(Stored dataset items)
· · · · ·
(* Let $\Sigma\in\mathbb{R}^{p\times p}$ be positive definite and suppose $\Sigma=(I-B_0)^{-T}\Omega_0(I-B_0)^{-1}$ for some $B_0\in\mathbb{D}$ and $\Omega_0=\omega_0^2I$ with $\omega_0>0$. Then $B_0$ is the unique minimum-trace DAG, i.e. $B_0=\tilde B(\pi_0)$ for every $\pi_0\in\arg\min_\pi\operatorname{tr}\tilde\Omega(\pi)$.
   Context: $\mathbb{D}$ is the set of real $p\times p$ matrices whose directed graph (edge $i\to j$ iff $b_{ij}\ne0$) is acyclic. For a permutation $\pi$ of $[p]$, $(P_\pi A)_{ij}=a_{\pi(i)\pi(j)}$. For each $\pi$, write uniquely $P_\pi\Sigma^{-1}=(I-L)D^{-1}(I-L)^T$ with $L$ strictly lower triangular and $D$ diagonal with positive diagonal, and set $\tilde B(\pi)=P_{\pi^{-1}}L$, $\tilde\Omega(\pi)=P_{\pi^{-1}}D$. A minimum-trace permutation is any $\pi_0\in\arg\min_\pi\operatorname{tr}\tilde\Omega(\pi)$ and $\tilde B(\pi_0)$ is a minimum-trace DAG. *)

From Stdlib Require Import ClassicalEpsilon.
From mathcomp Require Import all_boot all_order all_algebra all_fingroup.
From mathcomp Require Import reals.
Set Implicit Arguments. Unset Strict Implicit. Unset Printing Implicit Defensive.
Import Order.TTheory GRing.Theory Num.Theory.
Local Open Scope ring_scope.

Section Defs.
Variables (R : realType) (p : nat).

(* The set D: the directed graph (edge i -> j iff b_ij <> 0) is acyclic,
   i.e. no edge i -> j can be closed into a cycle by a path j ~> i
   (this also excludes self-loops b_ii <> 0). *)
Definition is_DAG (B : 'M[R]_p) : Prop :=
  forall i j : 'I_p, B i j != 0 -> ~~ connect (fun a b => B a b != 0) j i.

Definition permute (pi : 'S_p) (A : 'M[R]_p) : 'M[R]_p :=
  \matrix_(i, j) A (pi i) (pi j).

Definition posdef (S : 'M[R]_p) : Prop :=
  S^T = S /\ forall x : 'cV[R]_p, x != 0 -> 0 < (x^T *m S *m x) 0 0.

Definition strictly_lower (L : 'M[R]_p) : Prop :=
  forall i j : 'I_p, (i <= j)%N -> L i j = 0.

Definition pos_diag (D : 'M[R]_p) : Prop :=
  is_diag_mx D /\ forall i : 'I_p, 0 < D i i.

Definition is_LDL (Sigma : 'M[R]_p) (pi : 'S_p) (L D : 'M[R]_p) : Prop :=
  [/\ strictly_lower L, pos_diag D &
      permute pi (invmx Sigma) = (1%:M - L) *m invmx D *m (1%:M - L)^T].

(* The (unique, for positive definite Sigma) pair (L, D), chosen by epsilon. *)
Definition LDL_pair (Sigma : 'M[R]_p) (pi : 'S_p) : 'M[R]_p * 'M[R]_p :=
  epsilon (inhabits (0, 0)) (fun LD => is_LDL Sigma pi LD.1 LD.2).

Definition Btilde (Sigma : 'M[R]_p) (pi : 'S_p) : 'M[R]_p :=
  permute pi^-1 (LDL_pair Sigma pi).1.

Definition Omegatilde (Sigma : 'M[R]_p) (pi : 'S_p) : 'M[R]_p :=
  permute pi^-1 (LDL_pair Sigma pi).2.

Definition min_trace_perm (Sigma : 'M[R]_p) (pi0 : 'S_p) : Prop :=
  forall pi : 'S_p, \tr (Omegatilde Sigma pi0) <= \tr (Omegatilde Sigma pi).

End Defs.

From mathcomp Require Import all_boot all_order all_algebra all_fingroup.
From mathcomp Require Import reals.
From Stdlib Require Import ClassicalEpsilon.
Set Implicit Arguments. Unset Strict Implicit. Unset Printing Implicit Defensive.
Import Order.TTheory GRing.Theory Num.Theory.
Local Open Scope ring_scope.

(* With C := 1 - B0 and a := omega0^-2 we have P_pi Sigma^-1 = a G G^T for
   G := P_pi C, a unit-diagonal matrix of determinant 1; the LDL factors of
   P_pi Sigma^-1 exist by Gram-Schmidt on the rows of G.  If pi is a topological
   order of B0 then G is itself unit lower triangular, so uniqueness of the LDL
   decomposition gives D(pi) = omega0^2 I and tr D(pi) = p omega0^2.  For every
   pi, det D(pi) = omega0^(2p), so by AM-GM tr D(pi) >= p omega0^2 with equality
   only for D(pi) = omega0^2 I: a minimum-trace pi0 has D(pi0) = omega0^2 I.
   Then (1 - L)(1 - L)^T = G G^T with 1 - L unit lower triangular and G unit
   diagonal; comparing rows top-down (the squared norm of row k forces the
   entries of G right of the diagonal to vanish) gives 1 - L = G, i.e.
   L = P_pi0 B0. *)

Section Permute.
Variables (R : realType) (n : nat).
Implicit Types (A B : 'M[R]_n) (pi : 'S_n).

Lemma permuteE pi A : permute pi A = perm_mx pi *m A *m perm_mx pi^-1.
Proof. by rewrite -row_permE -col_permE; apply/matrixP=> i j; rewrite !mxE. Qed.

Lemma permuteM pi A B : permute pi (A *m B) = permute pi A *m permute pi B.
Proof.
apply/matrixP=> i j; rewrite !mxE (reindex_inj (@perm_inj _ pi)).
by apply: eq_bigr => l _; rewrite !mxE.
Qed.

Lemma permute1 pi : permute pi 1%:M = 1%:M :> 'M[R]_n.
Proof. by apply/matrixP=> i j; rewrite !mxE (inj_eq (@perm_inj _ pi)). Qed.

Lemma permuteB pi A B : permute pi (A - B) = permute pi A - permute pi B.
Proof. by apply/matrixP=> i j; rewrite !mxE. Qed.

Lemma permuteZ pi a A : permute pi (a *: A) = a *: permute pi A.
Proof. by apply/matrixP=> i j; rewrite !mxE. Qed.

Lemma permute_trmx pi A : permute pi A^T = (permute pi A)^T.
Proof. by apply/matrixP=> i j; rewrite !mxE. Qed.

Lemma permuteK pi A : permute pi^-1 (permute pi A) = A.
Proof. by apply/matrixP=> i j; rewrite !mxE !permKV. Qed.

Lemma det_permute pi A : \det (permute pi A) = \det A.
Proof.
rewrite permuteE !det_mulmx mulrC mulrA -det_mulmx -perm_mxM mulVg perm_mx1.
by rewrite det1 mul1r.
Qed.

Lemma mxtrace_permute pi A : \tr (permute pi A) = \tr A.
Proof.
rewrite /mxtrace (reindex_inj (@perm_inj _ pi^-1)).
by apply: eq_bigr => i _; rewrite !mxE permKV.
Qed.

End Permute.

Section DAG.
Variables (R : realType) (n : nat) (B : 'M[R]_n).
Hypothesis B_DAG : is_DAG B.

Lemma DAG_diag0 i : B i i = 0.
Proof. by apply/eqP; apply: contraT => /B_DAG; rewrite connect0. Qed.

(* Sort the vertices by increasing number of descendants: every edge a -> b
   has strictly more descendants at a than at b. *)
Lemma DAG_topological_perm : exists pi : 'S_n, strictly_lower (permute pi B).
Proof.
pose E a b := B a b != 0.
pose r a := #|[set b | connect E a b]|.
have r_edge a b : E a b -> (r b < r a)%N.
  move=> Eab; apply/proper_card/properP; split.
    apply/subsetP => x; rewrite !inE; exact: connect_trans (connect1 Eab).
  by exists a; rewrite !inE ?connect0 ?B_DAG.
pose leT a b := (r a <= r b)%N.
have leT_trans : transitive leT by move=> ???; apply: leq_trans.
pose s := sort leT (enum 'I_n).
have size_s : size s = n by rewrite size_sort size_enum_ord.
have s_uniq : uniq s by rewrite sort_uniq enum_uniq.
have s_sorted : sorted leT s by apply/sort_sorted => x y; apply: leq_total.
pose f (i : 'I_n) := nth i s i.
have fE i x : f i = nth x s i by rewrite /f (set_nth_default x) // size_s.
have f_inj : injective f.
  move=> i j; rewrite (fE i i) (fE j i) => /eqP.
  by rewrite nth_uniq ?size_s // => /eqP /val_inj.
exists (perm f_inj) => i j le_ij; rewrite mxE !permE.
apply/eqP; apply: contraT => /r_edge; rewrite (fE i i) (fE j i) ltnNge => /negP[].
by apply: (sorted_leq_nth leT_trans (fun x => leqnn _) i s_sorted); rewrite ?inE ?size_s.
Qed.

End DAG.

Section UnitLower.
Variables (R : comUnitRingType) (n : nat).
Implicit Types (A B : 'M[R]_n).

Definition unit_lower A := forall i j : 'I_n, (i <= j)%N -> A i j = (i == j)%:R.

Lemma unit_lower_trig A : unit_lower A -> is_trig_mx A.
Proof.
by move=> Al; apply/is_trig_mxP => i j lt_ij; rewrite Al ?(ltnW lt_ij) // -val_eqE ltn_eqF.
Qed.

Lemma det_unit_lower A : unit_lower A -> \det A = 1.
Proof.
by move=> Al; rewrite det_trig ?unit_lower_trig //; apply: big1 => i _; rewrite Al ?eqxx.
Qed.

Lemma unit_lowerM A B : unit_lower A -> unit_lower B -> unit_lower (A *m B).
Proof.
move=> Al Bl i j le_ij; rewrite mxE (bigD1 i) //= Al // eqxx mul1r Bl //.
rewrite big1 ?addr0 // => l ne_li; have [lt_il|lt_li] := ltnP i l.
  by rewrite Al ?(ltnW lt_il) // -val_eqE (ltn_eqF lt_il) mul0r.
have lt_lj : (l < j)%N by apply: leq_trans le_ij; rewrite ltn_neqAle lt_li andbT.
by rewrite [B l j]Bl ?(ltnW lt_lj) // -val_eqE (ltn_eqF lt_lj) mulr0.
Qed.

Lemma mulmx1_invmx A B : A *m B = 1%:M -> invmx A = B.
Proof.
move=> AB; have [uA _] := mulmx1_unit AB.
by rewrite -[RHS](mulKmx uA B) AB mulmx1.
Qed.

Lemma invmx_congr_scalar A w : A \in unitmx -> w \is a GRing.unit ->
  invmx ((invmx A)^T *m w%:M *m invmx A) = w^-1 *: (A *m A^T).
Proof.
move=> uA uw; apply: mulmx1_invmx.
rewrite -!mulmxA -scalemxAr [invmx A *m _]mulmxA mulVmx // mul1mx.
rewrite mul_scalar_mx scalerA mulrV // scale1r.
by rewrite -trmx_mul mulmxV // trmx1.
Qed.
· · · · ·
* Task requirements: All that is wanted is the stretch of lines above from the one containing "(pi i) (pi j)." through the one containing "[/\ strictly_lower L, pos_diag D &", duplicated exactly.

* Exercise response:
  \matrix_(i, j) A (pi i) (pi j).

Definition posdef (S : 'M[R]_p) : Prop :=
  S^T = S /\ forall x : 'cV[R]_p, x != 0 -> 0 < (x^T *m S *m x) 0 0.

Definition strictly_lower (L : 'M[R]_p) : Prop :=
  forall i j : 'I_p, (i <= j)%N -> L i j = 0.

Definition pos_diag (D : 'M[R]_p) : Prop :=
  is_diag_mx D /\ forall i : 'I_p, 0 < D i i.

Definition is_LDL (Sigma : 'M[R]_p) (pi : 'S_p) (L D : 'M[R]_p) : Prop :=
  [/\ strictly_lower L, pos_diag D &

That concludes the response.